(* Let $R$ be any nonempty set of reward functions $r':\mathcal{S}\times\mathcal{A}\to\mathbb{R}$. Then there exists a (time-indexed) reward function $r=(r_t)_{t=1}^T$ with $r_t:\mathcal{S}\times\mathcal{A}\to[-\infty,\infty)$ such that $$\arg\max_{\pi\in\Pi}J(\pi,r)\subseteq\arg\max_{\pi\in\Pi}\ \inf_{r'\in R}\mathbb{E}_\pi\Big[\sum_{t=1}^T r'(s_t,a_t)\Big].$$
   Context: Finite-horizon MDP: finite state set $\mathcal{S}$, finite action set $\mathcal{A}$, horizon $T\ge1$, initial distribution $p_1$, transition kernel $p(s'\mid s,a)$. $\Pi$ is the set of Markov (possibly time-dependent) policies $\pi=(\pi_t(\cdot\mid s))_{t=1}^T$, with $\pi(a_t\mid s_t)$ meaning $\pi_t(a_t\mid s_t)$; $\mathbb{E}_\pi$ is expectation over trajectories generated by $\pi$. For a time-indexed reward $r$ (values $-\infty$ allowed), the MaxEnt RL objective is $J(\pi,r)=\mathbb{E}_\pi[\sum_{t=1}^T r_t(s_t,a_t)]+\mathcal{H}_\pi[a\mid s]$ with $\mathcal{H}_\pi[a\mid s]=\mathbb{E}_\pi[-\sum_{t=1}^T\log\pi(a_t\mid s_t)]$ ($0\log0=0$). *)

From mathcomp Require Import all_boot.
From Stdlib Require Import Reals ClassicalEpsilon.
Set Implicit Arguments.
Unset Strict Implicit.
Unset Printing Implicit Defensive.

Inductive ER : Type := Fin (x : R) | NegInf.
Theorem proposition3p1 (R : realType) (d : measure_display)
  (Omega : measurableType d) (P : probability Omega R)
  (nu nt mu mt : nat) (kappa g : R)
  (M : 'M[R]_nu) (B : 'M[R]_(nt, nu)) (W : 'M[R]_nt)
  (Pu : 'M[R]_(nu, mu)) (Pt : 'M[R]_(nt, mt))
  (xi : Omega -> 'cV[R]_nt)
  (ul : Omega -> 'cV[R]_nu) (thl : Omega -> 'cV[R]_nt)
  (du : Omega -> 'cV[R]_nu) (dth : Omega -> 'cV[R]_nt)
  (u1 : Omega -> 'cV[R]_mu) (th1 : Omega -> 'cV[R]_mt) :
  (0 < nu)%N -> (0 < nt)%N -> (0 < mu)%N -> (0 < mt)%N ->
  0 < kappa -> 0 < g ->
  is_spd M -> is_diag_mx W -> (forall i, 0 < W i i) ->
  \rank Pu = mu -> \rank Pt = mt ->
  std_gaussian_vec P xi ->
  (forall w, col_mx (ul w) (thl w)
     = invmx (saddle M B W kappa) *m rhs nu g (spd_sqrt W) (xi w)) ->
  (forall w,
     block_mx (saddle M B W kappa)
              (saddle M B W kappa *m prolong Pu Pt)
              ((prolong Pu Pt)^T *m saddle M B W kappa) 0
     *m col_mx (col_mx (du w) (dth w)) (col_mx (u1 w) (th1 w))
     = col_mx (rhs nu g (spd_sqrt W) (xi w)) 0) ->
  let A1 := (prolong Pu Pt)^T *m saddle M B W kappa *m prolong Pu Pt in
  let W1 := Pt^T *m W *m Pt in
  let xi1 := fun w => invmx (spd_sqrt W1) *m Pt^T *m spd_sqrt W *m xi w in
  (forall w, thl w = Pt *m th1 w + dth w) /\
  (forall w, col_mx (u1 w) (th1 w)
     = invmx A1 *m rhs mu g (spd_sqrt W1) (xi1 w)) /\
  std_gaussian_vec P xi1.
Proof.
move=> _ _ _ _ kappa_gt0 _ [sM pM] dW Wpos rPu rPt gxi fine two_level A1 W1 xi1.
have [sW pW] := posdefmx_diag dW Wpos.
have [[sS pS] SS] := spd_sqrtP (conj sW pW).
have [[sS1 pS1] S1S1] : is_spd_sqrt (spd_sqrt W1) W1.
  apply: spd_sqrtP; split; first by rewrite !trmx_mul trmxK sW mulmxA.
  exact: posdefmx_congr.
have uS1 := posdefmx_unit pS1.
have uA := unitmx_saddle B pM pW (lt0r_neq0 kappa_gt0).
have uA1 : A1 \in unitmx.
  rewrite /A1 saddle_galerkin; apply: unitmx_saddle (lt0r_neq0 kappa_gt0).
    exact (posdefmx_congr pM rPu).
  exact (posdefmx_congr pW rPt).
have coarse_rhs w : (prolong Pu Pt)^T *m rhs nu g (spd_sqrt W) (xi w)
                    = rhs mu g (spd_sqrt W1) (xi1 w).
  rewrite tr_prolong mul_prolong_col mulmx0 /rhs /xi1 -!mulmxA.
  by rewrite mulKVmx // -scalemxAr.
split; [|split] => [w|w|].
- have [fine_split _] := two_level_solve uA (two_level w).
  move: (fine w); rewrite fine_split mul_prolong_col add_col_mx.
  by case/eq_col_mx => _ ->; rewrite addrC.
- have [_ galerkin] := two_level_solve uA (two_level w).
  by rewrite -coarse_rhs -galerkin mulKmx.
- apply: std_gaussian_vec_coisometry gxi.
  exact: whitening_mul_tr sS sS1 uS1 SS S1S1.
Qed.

■ ■ ■ ■ ■ ■ ■

### Your instructions
Scan the listing for the string "rewrite", then copy every line where it appears.

### Output for this exercise
  apply: spd_sqrtP; split; first by rewrite !trmx_mul trmxK sW mulmxA.
  rewrite /A1 saddle_galerkin; apply: unitmx_saddle (lt0r_neq0 kappa_gt0).
  rewrite tr_prolong mul_prolong_col mulmx0 /rhs /xi1 -!mulmxA.
  by rewrite mulKVmx // -scalemxAr.
  move: (fine w); rewrite fine_split mul_prolong_col add_col_mx.
  by case/eq_col_mx => _ ->; rewrite addrC.
  by rewrite -coarse_rhs -galerkin mulKmx.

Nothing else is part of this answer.